▶ _The task_
Transcribe, exactly and in full, every line from the one including "Lemma sqnorm2_ge0 k" to the end of the listing.

▶ _Extracted information_
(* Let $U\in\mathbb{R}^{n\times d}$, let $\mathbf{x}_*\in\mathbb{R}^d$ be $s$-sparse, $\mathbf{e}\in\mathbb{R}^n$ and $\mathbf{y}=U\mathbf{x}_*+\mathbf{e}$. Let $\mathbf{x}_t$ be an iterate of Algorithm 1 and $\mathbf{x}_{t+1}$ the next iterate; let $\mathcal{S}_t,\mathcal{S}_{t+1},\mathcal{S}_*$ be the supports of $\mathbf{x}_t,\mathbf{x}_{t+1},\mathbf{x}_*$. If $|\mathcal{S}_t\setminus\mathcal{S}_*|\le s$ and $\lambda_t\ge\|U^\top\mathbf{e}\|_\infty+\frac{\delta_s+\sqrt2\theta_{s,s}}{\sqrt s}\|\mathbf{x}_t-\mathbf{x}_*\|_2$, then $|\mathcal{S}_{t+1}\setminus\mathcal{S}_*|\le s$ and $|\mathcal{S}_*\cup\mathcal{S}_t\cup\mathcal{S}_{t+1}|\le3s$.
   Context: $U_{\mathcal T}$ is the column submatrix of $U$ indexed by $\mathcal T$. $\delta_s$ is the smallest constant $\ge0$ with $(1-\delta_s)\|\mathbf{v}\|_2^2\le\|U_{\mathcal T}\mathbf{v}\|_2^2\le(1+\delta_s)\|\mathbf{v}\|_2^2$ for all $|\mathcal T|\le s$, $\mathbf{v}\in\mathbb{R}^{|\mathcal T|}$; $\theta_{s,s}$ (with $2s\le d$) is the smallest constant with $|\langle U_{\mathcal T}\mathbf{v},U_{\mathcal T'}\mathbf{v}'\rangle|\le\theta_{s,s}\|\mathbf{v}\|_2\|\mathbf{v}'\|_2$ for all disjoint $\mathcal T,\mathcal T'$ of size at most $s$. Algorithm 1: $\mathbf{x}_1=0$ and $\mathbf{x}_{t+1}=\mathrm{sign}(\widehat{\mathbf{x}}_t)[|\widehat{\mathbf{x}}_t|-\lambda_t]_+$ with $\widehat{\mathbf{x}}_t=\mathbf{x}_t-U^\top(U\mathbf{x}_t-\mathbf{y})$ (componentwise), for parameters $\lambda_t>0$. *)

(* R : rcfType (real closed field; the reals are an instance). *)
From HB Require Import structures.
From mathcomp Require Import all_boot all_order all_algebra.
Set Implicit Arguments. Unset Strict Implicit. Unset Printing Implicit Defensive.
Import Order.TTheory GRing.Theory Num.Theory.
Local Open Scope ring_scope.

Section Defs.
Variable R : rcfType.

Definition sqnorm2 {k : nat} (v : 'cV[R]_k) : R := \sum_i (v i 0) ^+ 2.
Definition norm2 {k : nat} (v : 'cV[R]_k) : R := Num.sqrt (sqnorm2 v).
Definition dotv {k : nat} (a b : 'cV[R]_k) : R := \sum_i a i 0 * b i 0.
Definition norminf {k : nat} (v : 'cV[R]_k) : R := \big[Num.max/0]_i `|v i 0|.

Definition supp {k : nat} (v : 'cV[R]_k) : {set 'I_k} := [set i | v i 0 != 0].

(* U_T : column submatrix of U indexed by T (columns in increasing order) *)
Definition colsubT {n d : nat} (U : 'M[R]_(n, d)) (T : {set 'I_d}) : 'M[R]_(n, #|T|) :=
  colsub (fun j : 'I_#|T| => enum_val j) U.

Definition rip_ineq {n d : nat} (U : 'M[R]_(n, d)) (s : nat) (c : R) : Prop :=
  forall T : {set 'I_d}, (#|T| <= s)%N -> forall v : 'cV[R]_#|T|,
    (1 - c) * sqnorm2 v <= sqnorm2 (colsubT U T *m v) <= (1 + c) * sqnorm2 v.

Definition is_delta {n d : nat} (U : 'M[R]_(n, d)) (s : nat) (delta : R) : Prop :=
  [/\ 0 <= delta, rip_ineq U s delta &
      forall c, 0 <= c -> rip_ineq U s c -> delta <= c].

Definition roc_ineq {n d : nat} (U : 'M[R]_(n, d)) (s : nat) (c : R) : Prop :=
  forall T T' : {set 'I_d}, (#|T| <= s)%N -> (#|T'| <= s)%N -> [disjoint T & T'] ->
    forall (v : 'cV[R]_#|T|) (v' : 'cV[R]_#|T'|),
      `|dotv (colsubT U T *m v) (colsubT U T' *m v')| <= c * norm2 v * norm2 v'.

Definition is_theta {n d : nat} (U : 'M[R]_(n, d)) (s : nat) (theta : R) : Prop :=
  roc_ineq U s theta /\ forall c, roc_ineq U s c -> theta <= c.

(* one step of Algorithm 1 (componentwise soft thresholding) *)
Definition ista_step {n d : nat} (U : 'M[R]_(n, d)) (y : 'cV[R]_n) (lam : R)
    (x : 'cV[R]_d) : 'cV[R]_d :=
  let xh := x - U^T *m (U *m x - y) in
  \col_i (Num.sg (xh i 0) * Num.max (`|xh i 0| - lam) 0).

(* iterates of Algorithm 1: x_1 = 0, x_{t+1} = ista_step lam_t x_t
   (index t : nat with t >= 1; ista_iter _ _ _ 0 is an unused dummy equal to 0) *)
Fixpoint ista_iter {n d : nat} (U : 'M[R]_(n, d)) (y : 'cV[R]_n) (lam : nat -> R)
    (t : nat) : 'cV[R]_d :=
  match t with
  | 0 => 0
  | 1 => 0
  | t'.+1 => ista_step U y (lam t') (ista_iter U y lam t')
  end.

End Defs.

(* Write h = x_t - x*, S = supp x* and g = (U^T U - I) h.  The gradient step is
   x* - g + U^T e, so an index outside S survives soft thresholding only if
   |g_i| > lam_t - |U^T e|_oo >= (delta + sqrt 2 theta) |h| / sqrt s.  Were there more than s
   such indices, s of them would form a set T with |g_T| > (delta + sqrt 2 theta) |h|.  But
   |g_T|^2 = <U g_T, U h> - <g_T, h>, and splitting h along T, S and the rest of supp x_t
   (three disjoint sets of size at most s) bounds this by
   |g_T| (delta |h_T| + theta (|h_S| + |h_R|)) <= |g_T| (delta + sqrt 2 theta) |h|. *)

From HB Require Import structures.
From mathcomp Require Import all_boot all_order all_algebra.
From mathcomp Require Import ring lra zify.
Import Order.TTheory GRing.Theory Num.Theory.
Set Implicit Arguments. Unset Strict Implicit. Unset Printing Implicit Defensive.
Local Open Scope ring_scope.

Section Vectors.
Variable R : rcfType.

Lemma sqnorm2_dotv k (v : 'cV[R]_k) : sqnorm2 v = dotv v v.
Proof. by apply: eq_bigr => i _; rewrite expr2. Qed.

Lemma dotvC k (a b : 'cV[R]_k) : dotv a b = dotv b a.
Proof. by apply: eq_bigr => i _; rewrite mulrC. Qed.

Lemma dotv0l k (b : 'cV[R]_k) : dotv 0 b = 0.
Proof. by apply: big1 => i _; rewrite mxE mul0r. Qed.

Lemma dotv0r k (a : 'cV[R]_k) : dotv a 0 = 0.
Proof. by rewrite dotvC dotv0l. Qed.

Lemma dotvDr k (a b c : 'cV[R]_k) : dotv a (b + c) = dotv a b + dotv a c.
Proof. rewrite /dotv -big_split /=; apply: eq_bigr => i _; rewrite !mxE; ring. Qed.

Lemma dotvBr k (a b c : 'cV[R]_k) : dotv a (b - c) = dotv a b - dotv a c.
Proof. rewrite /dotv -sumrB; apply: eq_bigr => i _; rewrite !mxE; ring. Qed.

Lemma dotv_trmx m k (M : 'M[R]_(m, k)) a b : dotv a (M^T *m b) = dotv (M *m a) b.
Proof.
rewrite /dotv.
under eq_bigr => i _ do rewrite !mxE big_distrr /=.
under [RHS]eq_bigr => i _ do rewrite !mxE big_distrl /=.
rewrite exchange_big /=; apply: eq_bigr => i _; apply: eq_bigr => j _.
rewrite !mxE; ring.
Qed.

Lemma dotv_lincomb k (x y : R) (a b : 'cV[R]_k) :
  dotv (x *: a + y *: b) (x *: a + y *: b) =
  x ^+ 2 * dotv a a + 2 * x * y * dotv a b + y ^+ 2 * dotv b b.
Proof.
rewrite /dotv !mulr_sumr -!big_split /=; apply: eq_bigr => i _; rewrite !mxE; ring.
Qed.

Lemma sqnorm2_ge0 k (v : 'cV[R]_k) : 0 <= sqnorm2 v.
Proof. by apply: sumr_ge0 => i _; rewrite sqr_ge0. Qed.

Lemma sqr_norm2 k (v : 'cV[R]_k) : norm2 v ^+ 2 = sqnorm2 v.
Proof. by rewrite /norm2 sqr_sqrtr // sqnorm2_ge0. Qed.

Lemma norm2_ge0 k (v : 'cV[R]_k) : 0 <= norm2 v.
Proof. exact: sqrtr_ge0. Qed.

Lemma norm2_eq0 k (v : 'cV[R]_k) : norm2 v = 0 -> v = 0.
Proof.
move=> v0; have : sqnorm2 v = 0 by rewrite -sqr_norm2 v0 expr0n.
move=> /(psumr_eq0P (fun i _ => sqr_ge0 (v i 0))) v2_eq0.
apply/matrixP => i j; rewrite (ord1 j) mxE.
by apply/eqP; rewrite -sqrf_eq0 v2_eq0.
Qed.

▶ _Written reply_
Lemma sqnorm2_ge0 k (v : 'cV[R]_k) : 0 <= sqnorm2 v.
Proof. by apply: sumr_ge0 => i _; rewrite sqr_ge0. Qed.

Lemma sqr_norm2 k (v : 'cV[R]_k) : norm2 v ^+ 2 = sqnorm2 v.
Proof. by rewrite /norm2 sqr_sqrtr // sqnorm2_ge0. Qed.

Lemma norm2_ge0 k (v : 'cV[R]_k) : 0 <= norm2 v.
Proof. exact: sqrtr_ge0. Qed.

Lemma norm2_eq0 k (v : 'cV[R]_k) : norm2 v = 0 -> v = 0.
Proof.
move=> v0; have : sqnorm2 v = 0 by rewrite -sqr_norm2 v0 expr0n.
move=> /(psumr_eq0P (fun i _ => sqr_ge0 (v i 0))) v2_eq0.
apply/matrixP => i j; rewrite (ord1 j) mxE.
by apply/eqP; rewrite -sqrf_eq0 v2_eq0.
Qed.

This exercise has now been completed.